A SHAREHOLDER WHO HOLDS SHARES THROUGH A BROKER, DEALER, COMMERCIAL BANK, TRUST
COMPANY OR OTHER NOMINEE MUST INSTRUCT SUCH BROKER OR OTHER NOMINEE TO EFFECT
THE TENDER ON HIS OR HER BEHALF.

         A properly completed and duly executed Letter of Transmittal, any
certificates representing Shares tendered, and any other documents required by
this Letter of Transmittal should be mailed or delivered to the Transfer Agent
at the appropriate address set forth above (facsimile transmissions will not be
accepted) and must be received by the Transfer Agent prior to 5:00 p.m., Eastern
Time, on November 29, 1999, unless the tendering party has satisfied the
conditions for guaranteed delivery described in Section 3 of the Notification of
Offer to Repurchase.

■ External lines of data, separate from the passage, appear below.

Lemma restrict_mul f x y : idempotent f -> f * (q (x * y) * (q (x * y))^-1) = f ->
  restrict f x * restrict ((q x)^-1 * f * q x) y = restrict f (x * y).
Proof.
  intros Hf Hfd. pose proof Hfd as Hfxy. rewrite Hq_hom in Hfxy.
  set (h := (q x)^-1 * f * q x).
  assert (Hfx : f * (q x * (q x)^-1) = f) by exact (below_range_mul T HT _ _ _ Hfxy).
  assert (Hh : idempotent h) by exact (idempotent_sinv_conj T f (q x) Hf Hfx).
  assert (Hhy : h * q (y * y^-1) = h).
  { rewrite hom_mul_sinv by assumption. exact (sinv_conj_below_range T HT _ _ _ Hfxy). }
  assert (Hc : q ((restrict f x)^-1 * restrict f x) = h).
  { rewrite Hq_hom, hom_sinv, hom_restrict, sinv_mul, (sinv_idempotent T HT f Hf) by assumption.
    unfold h. arewrite Hf. reflexivity. }
  unfold restrict at 2. rewrite sg_assoc, (mul_local_unit _ _ _ (idem_mul_sinv_S y) Hh Hhy Hc).
  rewrite <- (sg_assoc _ (restrict f x)), (mul_sinv_mul_S y).
  assert (Hxd : x * x^-1 * (x * y * (x * y)^-1) = x * y * (x * y)^-1).
  { arewrite (mul_sinv_mul_S x). reflexivity. }
  unfold restrict.
  rewrite <- (local_unit_mul_below _ _ f (idem_mul_sinv_S x) (idem_mul_sinv_S (x * y)) Hxd Hf)
    by (rewrite hom_mul_sinv by assumption; exact Hfd).
  arewrite (mul_sinv_mul_S (x * y)). reflexivity.
Qed.

(** * The semigroup [K] and the embedding *)

(* The cells of the block of [o] form a Rees-matrix-like semigroup indexed by the R-class
   of [o] in [T], with sandwich elements taken from the classes [q^-1 (u^-1 * w)]. *)
Record cell := Cell { c_row : T; c_val : S; c_col : T }.

Definition in_block (o : T) (a : cell) : Prop :=
  c_row a * (c_row a)^-1 = o /\ c_col a * (c_col a)^-1 = o /\
  q (c_val a) = (c_row a)^-1 * c_col a.

Definition sandwich (u w : T) : S :=
  proj1_sig (constructive_indefinite_description _ (Hq_surj (u^-1 * w))).

Lemma hom_sandwich u w : q (sandwich u w) = u^-1 * w.
Proof. exact (proj2_sig (constructive_indefinite_description _ (Hq_surj (u^-1 * w)))). Qed.

(* Matching indices get no sandwich, so that [idem_cell] is idempotent and [psi] is
   multiplicative. *)
Definition cell_mul (a b : cell) : cell :=
  Cell (c_row a)
    (if excluded_middle_informative (c_col a = c_row b) then c_val a * c_val b
     else c_val a * sandwich (c_col a) (c_row b) * c_val b)
    (c_col b).

Lemma cell_mul_match a b :
  c_col a = c_row b -> cell_mul a b = Cell (c_row a) (c_val a * c_val b) (c_col b).
Proof.
  intros E. unfold cell_mul. destruct (excluded_middle_informative _); [reflexivity | contradiction].
Qed.

Lemma cell_mul_assoc a b c : cell_mul a (cell_mul b c) = cell_mul (cell_mul a b) c.
Proof.
  destruct a as [a1 a2 a3], b as [b1 b2 b3], c as [c1 c2 c3]. unfold cell_mul; simpl. f_equal.
  destruct (excluded_middle_informative (a3 = b1)), (excluded_middle_informative (b3 = c1));
    assoc_r; reflexivity.
Qed.

Lemma in_block_mul o a b :
  idempotent o -> in_block o a -> in_block o b -> in_block o (cell_mul a b).
Proof.
  intros Ho (Ha1 & Ha2 & Ha3) (Hb1 & Hb2 & Hb3). split; [exact Ha1 | split; [exact Hb2 |]].
  assert (Hro : (c_row a)^-1 * o = (c_row a)^-1) by (rewrite <- Ha1; apply sinv_mul_range, HT).
  unfold cell_mul; simpl. destruct (excluded_middle_informative _) as [E | E];
    rewrite !Hq_hom, Ha3, Hb3; [rewrite <- E | rewrite hom_sandwich];
    arewrite Ha2; try (arewrite Hb1; arewrite Ho); arewrite Hro; reflexivity.
Qed.

Lemma block_factor o a b : idempotent o -> in_block o a -> in_block o b ->
  exists l r, in_block o l /\ in_block o r /\ b = cell_mul (cell_mul l a) r.
Proof.
  intros Ho (Ha1 & Ha2 & Ha3) (Hb1 & Hb2 & Hb3).
  destruct a as [w x u], b as [w' y u']; simpl in *.
  pose proof (sinv_mul_range T HT w') as Iw'. pose proof (sinv_mul_range T HT u') as Iu'.
  rewrite Hb1 in Iw'. rewrite Hb2 in Iu'.
  set (c := sandwich w' w * x * sandwich u u').
  assert (Hqc : q c = w'^-1 * u').
  { unfold c. rewrite !Hq_hom, !hom_sandwich, Ha3.
    arewrite Ha1. arewrite Ha2. arewrite Ho. arewrite Iw'. reflexivity. }
  set (R := w'^-1 * u' * (w'^-1 * u')^-1).
  assert (HRe : R = w'^-1 * u' * (u'^-1 * w')).
  { unfold R. rewrite (sinv_mul T HT), (sinvK T HT). reflexivity. }
  assert (Hy : q (y * y^-1) = R) by (rewrite hom_mul_sinv, Hb3 by assumption; reflexivity).
  assert (Hc : q (c * c^-1) = R) by (rewrite hom_mul_sinv, Hqc by assumption; reflexivity).
  destruct (cs_factor S _ (Hclass R (idem_mul_sinv_T _)) _ _ Hc Hy) as (l & r & Hl & Hr & Hyy).
  exists (Cell w' (l * sandwich w' w) w), (Cell u (sandwich u u' * c^-1 * r * y) u').
  split; [| split].
  - split; [exact Hb1 | split; [exact Ha1 |]]. simpl.
    rewrite Hq_hom, Hl, hom_sandwich, HRe.
    arewrite Hb2. arewrite Iw'. arewrite (sinv_mul_sinv T HT w'). reflexivity.
  - split; [exact Ha2 | split; [exact Hb2 |]]. simpl.
    rewrite !Hq_hom, hom_sinv, hom_sandwich, Hqc, Hr, Hb3, HRe, (sinv_mul T HT), (sinvK T HT)
      by assumption.
    arewrite Hb1. arewrite Iu'. arewrite (mul_sinv_mul T HT u'). arewrite Hb1. arewrite Iu'.
    arewrite (mul_sinv_mul T HT u'). reflexivity.
  - rewrite !cell_mul_match by reflexivity. simpl. f_equal.
    rewrite <- (mul_sinv_mul_S y) at 1. rewrite Hyy. unfold c. assoc_r. reflexivity.
Qed.

Definition ET : Type := {o : T | idempotent o}.

Definition block_car (j : ET) : Type := {a : cell | in_block (proj1_sig j) a}.

Definition block_mul (j : ET) (a b : block_car j) : block_car j :=
  exist _ (cell_mul (proj1_sig a) (proj1_sig b))
    (in_block_mul _ _ _ (proj2_sig j) (proj2_sig a) (proj2_sig b)).

Lemma block_eq j (a b : block_car j) : proj1_sig a = proj1_sig b -> a = b.
Proof. destruct a, b. simpl. intros ->. f_equal. apply proof_irrelevance. Qed.

Lemma block_assoc j (a b c : block_car j) :
  block_mul j a (block_mul j b c) = block_mul j (block_mul j a b) c.
Proof. apply block_eq, cell_mul_assoc. Qed.

Definition block (j : ET) : Semigroup :=
  {| sg_car := block_car j; sg_op := block_mul j; sg_assoc := block_assoc j |}.

Definition class_idem (j : ET) : S :=
  proj1_sig (constructive_indefinite_description _ (proj2 (proj2 (Hclass _ (proj2_sig j))))).

Lemma class_idem_primitive j :
  primitive_idem_sub (fun z => q z = proj1_sig j) (class_idem j).
Proof.
  exact (proj2_sig (constructive_indefinite_description _ (proj2 (proj2 (Hclass _ (proj2_sig j)))))).
Qed.

Definition idem_cell (j : ET) : cell := Cell (proj1_sig j) (class_idem j) (proj1_sig j).

Lemma idem_cell_in_block j : in_block (proj1_sig j) (idem_cell j).
Proof.
  destruct j as [o Ho]. unfold in_block, idem_cell; simpl.
  rewrite (sinv_idempotent T HT o Ho), Ho. split; [reflexivity | split; [reflexivity |]].
  apply (class_idem_primitive (exist _ o Ho)).
Qed.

Delivery of documents to a book-entry transfer facility,
such as The Depository Trust Company ("DTC"), does not constitute delivery to
the Transfer Agent.

<PAGE>


- --------------------------------------------------------------------------------
      DIVIDEND REINVESTMENT PLAN SHARES -- TO BE COMPLETED BY ALL TENDERING
                                  SHAREHOLDERS
                               (SEE INSTRUCTION 8)
- --------------------------------------------------------------------------------
THE UNDERSIGNED ALSO IS TENDERING UNCERTIFICATED SHARES THAT MAY BE HELD IN THE
NAMES OF THE REGISTERED OWNER(S) BY THE FUND'S TRANSFER AGENT PURSUANT TO THE
FUND'S DIVIDEND REINVESTMENT PLAN ("DRP"):

[ ]  YES         [ ]  NO

IF THE ANSWER TO THE PRECEDING QUESTION WAS "YES," INDICATE WHETHER YOU ARE
TENDERING ALL OR A PARTIAL AMOUNT OF SUCH DRP SHARES:

[ ]  ALL         [ ]  PARTIAL TENDER (INDICATE NUMBER OF SHARES TENDERED, WHOLE
                      SHARE AMOUNTS ONLY: ____________________)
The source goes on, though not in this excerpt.